One way to prove your industry chops is to relate your insight and expertise to trends and timely news events on the company blog.
Publishing content on a regular basis is crucial, but blogging every week doesn’t guarantee success—especially if you haven’t defined what that success looks like. Establish a clear purpose and ensure all your contributors are mindful of it. Share your ideas with the rest of your teams (e.g. the social, new business and PR teams) to fully integrate them into the plan.
How do you know what the blog’s purpose should be? Think about your business goals and decide how the blog can enhance your strategy. For example, is there a particular service offering that you want to promote? Are you trying to reach a new market? Make it part of your content campaign and write about relevant topics.
You can use the company blog as a convenient platform for getting in front of your current and potential customers. Here are some tips to get you going:
Write with a campaign and buyer persona in mind.
It’s easy to write about topics that you’re passionate about, but it’s also easy to lose sight of the task at hand. Avoid going rogue and follow a pre-planned content calendar that focuses on a campaign theme. The specific blog topics can take various angles, but they should all be tailored to the buyer personas you’re targeting. A buyer persona is, in simple terms, an idealized version of one of your customer segments (e.g. marketing directors and CEOs).
Include supplemental content offerings in blog posts.
The blog is a valuable resource to use as fodder for social posts, as story ideas for pitching media and in content marketing endeavors like social advertising and email campaigns. If the mission of the blog is to attract new business leads, go deep into a topic by linking to e-books, videos, infographics and more. Continue to pique your readers’ interest by sharing information that is meaningful to them and their businesses.

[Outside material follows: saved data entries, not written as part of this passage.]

Lemma derive_sign_min (y : R) : F z0 <= F y.
Proof.
  destruct (MVT_gen F z0 y (fun x => (x - z0) * w x)) as [c [Hc HFy]].
  - intros x _. apply F_deriv.
  - intros x _. apply continuity_pt_filterlim, (@ex_derive_continuous R_AbsRing R_NormedModule).
    eexists; apply F_deriv.
  - assert (0 <= (c - z0) * (y - z0)).
    { revert Hc. unfold Rmin, Rmax.
      destruct (Rle_dec z0 y); intros; nra. }
    pose proof (w_pos c). nra.
Qed.

Lemma derive_sign_incr (x y : R) : z0 < x -> x < y -> F x < F y.
Proof.
  intros Hx Hxy.
  apply (incr_function F z0 p_infty (fun x => (x - z0) * w x)); [| |easy..].
  - intros t _ _. apply F_deriv.
  - intros t Ht _. simpl in Ht. pose proof (w_pos t). nra.
Qed.

Lemma derive_sign_lt_lim (l : R) : is_lim F p_infty l -> F z0 < l.
Proof.
  intros HF.
  assert (Hle : Rbar_le (F (z0 + 2)) l).
  { apply (is_lim_le_loc (fun _ => F (z0 + 2)) F p_infty); [|apply is_lim_const | exact HF].
    exists (z0 + 2). intros y Hy. left. apply derive_sign_incr; lra. }
  pose proof (derive_sign_min (z0 + 1)).
  pose proof (derive_sign_incr (z0 + 1) (z0 + 2)). simpl in Hle. lra.
Qed.

End Derivative_sign.

Definition gauss (D t : R) : R := exp (- t ^ 2 / D).
Definition gauss_prim (D Y : R) : R := RInt (gauss D) 0 Y.
(* [gauss_half D = sqrt (PI * D) / 2]; only its positivity is used. *)
Definition gauss_half (D : R) : R := real (Lim (gauss_prim D) p_infty).

Lemma continuous_gauss (D t : R) : continuous (gauss D) t.
Proof.
  apply (@ex_derive_continuous R_AbsRing R_NormedModule). unfold gauss. auto_derive. easy.
Qed.

Lemma ex_RInt_gauss (D a b : R) : ex_RInt (gauss D) a b.
Proof. apply (@ex_RInt_continuous R_CompleteNormedModule). intros; apply continuous_gauss. Qed.

Lemma is_derive_gauss_prim (D Y : R) : is_derive (gauss_prim D) Y (gauss D Y).
Proof.
  apply is_derive_RInt with 0; [|apply continuous_gauss].
  apply filter_forall. intros b. apply (@RInt_correct R_CompleteNormedModule), ex_RInt_gauss.
Qed.

Lemma gauss_prim0 (D : R) : gauss_prim D 0 = 0.
Proof. exact (RInt_point 0 (gauss D)). Qed.

Lemma gauss_prim_incr (D x y : R) : x < y -> gauss_prim D x < gauss_prim D y.
Proof.
  intros Hxy. apply (incr_function _ m_infty p_infty (gauss D)); [| |easy|exact Hxy|easy].
  - intros t _ _. apply is_derive_gauss_prim.
  - intros t _ _. apply exp_pos.
Qed.

Lemma gauss_prim_opp (D Y : R) : gauss_prim D (- Y) = - gauss_prim D Y.
Proof.
  unfold gauss_prim.
  replace 0 with (-1 * 0 + 0) at 1 by ring. replace (- Y) with (-1 * Y + 0) by ring.
  rewrite <- RInt_comp_lin by (apply ex_RInt_gauss).
  transitivity (RInt (fun t => scal (-1) (gauss D t)) 0 Y).
  - apply RInt_ext. intros t _. unfold gauss. do 3 f_equal. ring.
  - rewrite (@RInt_scal R_CompleteNormedModule) by (apply ex_RInt_gauss).
    unfold scal. simpl. unfold mult. simpl. ring.
Qed.

(* On [0, Y] the integrand is dominated by [exp ((1 - 2 t) / D)], since [t^2 >= 2 t - 1]. *)
Lemma gauss_prim_le (D Y : R) : 0 < D -> gauss_prim D Y <= D / 2 * exp (1 / D).
Proof.
  intros HD. pose proof (exp_pos (1 / D)).
  destruct (Rle_lt_dec Y 0) as [HY | HY].
  { assert (gauss_prim D Y <= gauss_prim D 0).
    { destruct HY as [HY | ->]; [left; now apply gauss_prim_incr | right; reflexivity]. }
    rewrite gauss_prim0 in *. nra. }
  set (E := fun t => - (D / 2) * exp ((1 - 2 * t) / D)).
  assert (HE : is_RInt (fun t => exp ((1 - 2 * t) / D)) 0 Y (E Y - E 0)).
  { apply (is_RInt_derive E); intros x _.
    - unfold E. auto_derive; [easy | unfold Rminus, Rdiv; field; lra].
    - apply (@ex_derive_continuous R_AbsRing R_NormedModule). auto_derive. easy. }
  apply Rle_trans with (E Y - E 0).
  - rewrite <- (is_RInt_unique _ _ _ _ HE).
    apply RInt_le; [lra | apply ex_RInt_gauss | eexists; exact HE |].
    intros t _.
    assert (Ht : - t ^ 2 / D <= (1 - 2 * t) / D).
    { pose proof (pow2_ge_0 (t - 1)).
      apply Rmult_le_compat_r; [left; apply Rinv_0_lt_compat; lra | nra]. }
    unfold gauss. destruct Ht as [Ht | ->]; [left; now apply exp_increasing | right; reflexivity].
  - unfold E. pose proof (exp_pos ((1 - 2 * Y) / D)).
    replace ((1 - 2 * 0) / D) with (1 / D) by (f_equal; ring). nra.
Qed.

Lemma is_lim_gauss_prim_p (D : R) : 0 < D -> is_lim (gauss_prim D) p_infty (gauss_half D).
Proof.
  intros HD.
  assert (Hex : ex_finite_lim (gauss_prim D) p_infty).
  { apply (ex_finite_lim_incr_bounded _ (D / 2 * exp (1 / D))).
    - intros x y [Hxy | ->]; [left; now apply gauss_prim_incr | now right].
    - intros Y. now apply gauss_prim_le. }
  destruct Hex as [l Hl].
  unfold gauss_half. now rewrite (is_lim_unique _ _ _ Hl).
Qed.

Lemma is_lim_gauss_prim_m (D : R) : 0 < D -> is_lim (gauss_prim D) m_infty (- gauss_half D).
Proof.
  intros HD.
  apply is_lim_ext with (fun Y => - gauss_prim D (- Y)).
  { intros Y. rewrite gauss_prim_opp. ring. }
  apply (is_lim_opp _ m_infty (gauss_half D)).
  apply (is_lim_comp _ Ropp m_infty (gauss_half D) p_infty).
  - now apply is_lim_gauss_prim_p.
  - apply (is_lim_opp (fun y => y) m_infty m_infty), is_lim_id.
  - apply filter_forall. easy.
Qed.

Lemma gauss_half_pos (D : R) : 0 < D -> 0 < gauss_half D.
Proof.
  intros HD.
  assert (H1 : 0 < gauss_prim D 1) by (rewrite <- (gauss_prim0 D); apply gauss_prim_incr; lra).
  assert (Hle : Rbar_le (gauss_prim D 1) (gauss_half D)).
  { apply (is_lim_le_loc (fun _ => gauss_prim D 1) (gauss_prim D) p_infty);
      [|apply is_lim_const | now apply is_lim_gauss_prim_p].
    exists 1. intros y Hy. left. now apply gauss_prim_incr. }
  simpl in Hle. lra.
Qed.

Lemma is_lim_gauss (D : R) (x : Rbar) :
  0 < D -> x = p_infty \/ x = m_infty -> is_lim (gauss D) x 0.
Proof.
  intros HD Hx.
  apply (is_lim_comp exp (fun t => - t ^ 2 / D) x 0 m_infty).
  - exact is_lim_exp_m.
  - apply is_lim_ext with (fun t => (- / D) * (t * t)).
    { intros t. unfold Rdiv. ring. }
    replace m_infty with (Rbar_mult (- / D) (Rbar_mult x x)).
    + apply is_lim_scal_l, is_lim_mult; try apply is_lim_id.
      destruct Hx as [-> | ->]; easy.
    + assert (0 < / D) by now apply Rinv_0_lt_compat.
      destruct Hx as [-> | ->]; simpl; destruct (Rle_dec 0 (- / D)); try easy; exfalso; lra.
  - destruct Hx as [-> | ->]; apply filter_forall; easy.
Qed.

Track metrics based your blog’s purpose.
Your blog’s metrics will give you important insight into how well it’s doing. Google Analytics and your CRM platform are good places to start. Weigh certain data more heavily depending on what you’re trying to achieve, but be careful not to take it all at face value. A post may have 60 views, but it doesn’t mean all are noteworthy. Dig deeper to uncover what your most read blogs are, who is reading them, how often they return and how they found the blog. For instance, you might discover that most people find your blog via links in social media posts rather than going to the website. Knowing these facts will help guide how you promote the blog and what topics you focus on.